雷古勒斯的嘴角抽了一下,然后乖乖地钻进了被子里。
“晚安,雷尔,”我按熄了小夜灯,“今晚辛苦你陪我看电影了。”
“晚安,莉比,”对面传来雷古勒斯用气音发出的笑声,“其实和你一起看电影的感觉还不错,不过下次可以不要那么用力抓我了吗?”
“啊?”我一下从被窝里直起身,“抱歉,很痛吗?我当时可能是太投入了,该死的,居然没有注意到力度。”
“没有很痛,”雷古勒斯靠近我,我听见他的手在床上摸索的声音,于是将手递向他的方向。柔软的丝绸衬衣拂过手背,接着手指被另一只微凉的手牵住。
“真的、现在一点感觉都没有了,不用担心。”
我将信将疑地躺回去,歉意地摩挲了一下他的手腕,想要把手抽回去的时候被捉住了手指。
“啊……”雷古勒斯在黑暗里小声说,“我想那部电影还是有一点吓人的。”
我立刻朝他蠕动过去,“真的吗?那我可以抱着你睡吗?”
“当然可以,”他刚刚说完我就欢快地贴了过去。
“哇我们是不是好久都没有睡过一张床了。”
“上一次是不是还是一起给西里斯定闹钟的时候?”
“那一次是一起睡吗难道不是你单方面爽赢巫师棋?”
“我已经有在让你了。”
“我还需要你让?!”我大怒,“太让我失望了!”
“我不是这个意思……”
“我也没生你气,”我颓然开口,“原来我的棋艺已经差到这种水平了吗?”
“可能只是我水平太高了,”雷古勒斯突然开口。
?要不要听听你自己在说什么我亲爱的弟弟
“睡觉吧,”我说,“我觉得你已经累到有点精神错乱了。”
我感觉我才睡了没多久就被一阵敲门声给强制开机了,睡眼惺忪的我挣扎了一下,看到雷古勒斯已经起身了,于是又陷入被子的温柔乡里。
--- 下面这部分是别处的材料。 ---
(* Let $q$ be a prime power and $b,k,t$ positive integers. For the $b$-symbol weight function $wt_b$ on $\mathbb{F}_q^k$, $r_b^{wt_b}(k,t)\ge 2t-b+1$.
   Context: For $\boldsymbol{z}=(z_0,\ldots,z_{n-1}),\boldsymbol{w}\in\mathbb{F}_q^n$, $d_b(\boldsymbol{z},\boldsymbol{w})$ is the number of $i\in\{0,\ldots,n-1\}$ with $(z_i,\ldots,z_{i+b-1})\ne(w_i,\ldots,w_{i+b-1})$ (indices mod $n$), and $wt_b(\boldsymbol{x})=d_b(\boldsymbol{x},\boldsymbol{0})$. A systematic encoding $\mathrm{Enc}(\boldsymbol{x})=(\boldsymbol{x},p(\boldsymbol{x}))\in\mathbb{F}_q^{k+r}$ is a function-correcting $b$-symbol code for $f$ if $d_b(\mathrm{Enc}(\boldsymbol{x}_1),\mathrm{Enc}(\boldsymbol{x}_2))\ge 2t+1$ whenever $f(\boldsymbol{x}_1)\ne f(\boldsymbol{x}_2)$; $r_b^f(k,t)$ is the smallest $r$ for which one exists. The paper's standing assumptions are $2<b<k$ and $t>\lfloor\frac{b-1}{2}\rfloor$. *)

From HB Require Import structures.
From mathcomp Require Import all_boot all_order all_algebra all_field.
Set Implicit Arguments. Unset Strict Implicit. Unset Printing Implicit Defensive.
Import GRing.Theory.
Local Open Scope ring_scope.

Definition bsym_dist (F : fieldType) (b : nat) (z w : seq F) : nat :=
  let n := size z in
  count (fun i : nat =>
           has (fun j : nat => nth 0 z ((i + j) %% n) != nth 0 w ((i + j) %% n))
               (iota 0 b))
        (iota 0 n).

Definition bsym_wt (F : fieldType) (b : nat) (x : seq F) : nat :=
  bsym_dist b x (nseq (size x) 0).

Definition sys_enc (F : fieldType) (k r : nat) (p : k.-tuple F -> r.-tuple F)
  (x : k.-tuple F) : seq F := (tval x ++ tval (p x))%SEQ.

Definition is_FCbSC (F : fieldType) (T : eqType) (b t k r : nat)
  (f : k.-tuple F -> T) (p : k.-tuple F -> r.-tuple F) : Prop :=
  forall x1 x2 : k.-tuple F, f x1 != f x2 ->
    (2 * t + 1 <= bsym_dist b (sys_enc p x1) (sys_enc p x2))%N.

From mathcomp Require Import all_boot all_order all_algebra all_field.
From mathcomp Require Import zify.

Set Implicit Arguments.
Unset Strict Implicit.
Unset Printing Implicit Defensive.

Import GRing.Theory.
Local Open Scope ring_scope.

(* The words 0 and e_0 = (1, 0, ..., 0) have different b-symbol weights, yet
   they agree on the k - 1 positions 1, ..., k - 1, so the k - b windows lying
   inside that stretch coincide for any choice of parities.  Hence the
   encodings are at b-symbol distance at most (k + r) - (k - b) = r + b, and
   correcting t errors forces 2t + 1 <= r + b. *)

Section BSymbolDistance.

Variables (F : fieldType) (b : nat).

Lemma bsym_dist_eq0 (z w : seq F) :
  (0 < b)%N -> size w = size z -> (bsym_dist b z w == 0)%N = (z == w).
Proof.
move=> b_gt0 size_wz; apply/idP/eqP => [|->]; last first.
  by rewrite /bsym_dist -leqn0 leqNgt -has_count; apply/hasPn => i _;
    apply/hasPn => j _; rewrite eqxx.
rewrite /bsym_dist -leqn0 leqNgt -has_count => /hasPn no_diff.
apply: (eq_from_nth (x0 := 0)) => [|i lt_iz]; first by rewrite size_wz.
have := no_diff i; rewrite mem_iota lt_iz => /(_ isT)/hasPn/(_ 0%N).
by rewrite mem_iota b_gt0 addn0 modn_small // negbK => /(_ isT)/eqP.
Qed.

Lemma bsym_wt_eq0 (x : seq F) :
  (0 < b)%N -> (bsym_wt b x == 0)%N = (x == nseq (size x) 0).
Proof. by move=> b_gt0; rewrite /bsym_wt bsym_dist_eq0 // size_nseq. Qed.

(* The windows starting in [m, m + L - b] do not wrap around, as m + L <= n. *)
Lemma bsym_dist_agree_interval (z w : seq F) (m L : nat) :
  (0 < b)%N -> (m + L <= size z)%N ->
  (forall i, (m <= i < m + L)%N -> nth 0 z i = nth 0 w i) ->
  (bsym_dist b z w + (L.+1 - b) <= size z)%N.
Proof.
move=> b_gt0 le_mLz agree; rewrite /bsym_dist.
set n := size z; set d := (L.+1 - b)%N.
set P := fun i => has _ _.
have -> : n = (m + (d + (n - (m + d))))%N by rewrite /d /n; lia.
rewrite !iotaD !count_cat.
have -> : count P (iota (0 + m) d) = 0%N.
  apply/eqP; rewrite -leqn0 leqNgt -has_count; apply/hasPn => i.
  rewrite mem_iota => /andP[le_mi lt_i]; apply/hasPn => j.
  rewrite mem_iota => /andP[_ lt_jb].
  by rewrite modn_small ?agree ?eqxx //; rewrite /d /n in lt_i *; lia.
have := count_size P (iota 0 m).
have := count_size P (iota (0 + m + d) (n - (m + d))).
rewrite !size_iota; lia.
Qed.

End BSymbolDistance.

Theorem mainTheorem19 (F : finFieldType) (b k t r : nat)
  (p : k.-tuple F -> r.-tuple F) :
  (2 < b)%N -> (b < k)%N -> ((b - 1)./2 < t)%N ->
  is_FCbSC b t (fun x : k.-tuple F => bsym_wt b (tval x)) p ->
  (2 * t + 1 - b <= r)%N.
Proof.
case: k p => [|k] p lt2b ltbk _ fc; first by [].
have b_gt0 : (0 < b)%N by lia.
pose e (c : F) : k.+1.-tuple F := cons_tuple c (nseq_tuple k 0).
have wt_e0 : bsym_wt b (e 0) = 0%N by apply/eqP; rewrite bsym_wt_eq0 ?size_tuple.
have wt_e1 : bsym_wt b (e 1) != 0%N.
  by rewrite bsym_wt_eq0 // size_tuple eqseq_cons oner_eq0.
have /fc dist_lb : bsym_wt b (e 0) != bsym_wt b (e 1) by rewrite wt_e0 eq_sym.
have agree i : (1 <= i < 1 + k)%N ->
    nth 0 (sys_enc p (e 0)) i = nth 0 (sys_enc p (e 1)) i.
  move=> /andP[i_gt0 lt_ik]; rewrite !nth_cat !size_tuple lt_ik.
  by case: i i_gt0 {lt_ik} => //= i _; rewrite nth_nseq.
have := bsym_dist_agree_interval b_gt0 _ agree.
rewrite /sys_enc size_cat !size_tuple in dist_lb * => /(_ (leq_addr r k.+1)).
lia.
Qed.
“圣诞礼物,莉贝蕾利奥!”西里斯喜气洋洋地站在门前,虽然昏昏沉沉地睡到一半就被叫醒了,不过是结束禁闭的消息倒不错——他还要送圣诞礼物出去呢,先从最近的莉贝蕾利奥送起好了,把她吵醒看她困困的样子倒也有意思。
——不对,你是?
西里斯的脸色一秒变凝重,他倒退回去看了看门牌,又伸着脖子看里面的装潢,最后一脸不爽地开口:“你什么时候变成睡觉还需要姐姐陪的缺失安全感的小男孩了?”
“莉比叫我过来的,真不好意思你没赶上。”
“哈,莉比——”西里斯拖长声音,“你居然真能叫的出口?不觉得犯恶心吗?”
“哦,抱歉,有些时候会忘了你没有昵称可以交换,西里斯,真可悲。”
雷古勒斯开了半天门也没有回来,反而外面一直吵吵的,我强撑着死意从床上爬起来,几乎是闭着眼睛纯靠直觉摸到门边去。
“早上好,是有什么事吗?”我装作揉眼睛实则暗中再享受五秒钟超绝深度睡眠时间。
“哟,我们的好姐姐终于起床了?”
?真搞不懂怎么一大早起来就能听到如此刻薄的话,真让人心寒。
我立刻清醒过来,放下手秒切一张严肃的战斗脸轻言细语地说,“在禁闭室里面关出问题来了,来我这里发疯?还是给我一点空间过个圣诞节吧,嗯?毕竟我还是愿意和正常人待在一起呢。”
“行啊,行啊,”西里斯点着头后退几步,嘴角扭曲着扬了一下,“那就和你的雷尔一起享受美妙的圣诞节吧,是不是,亲爱的莉比姐姐?”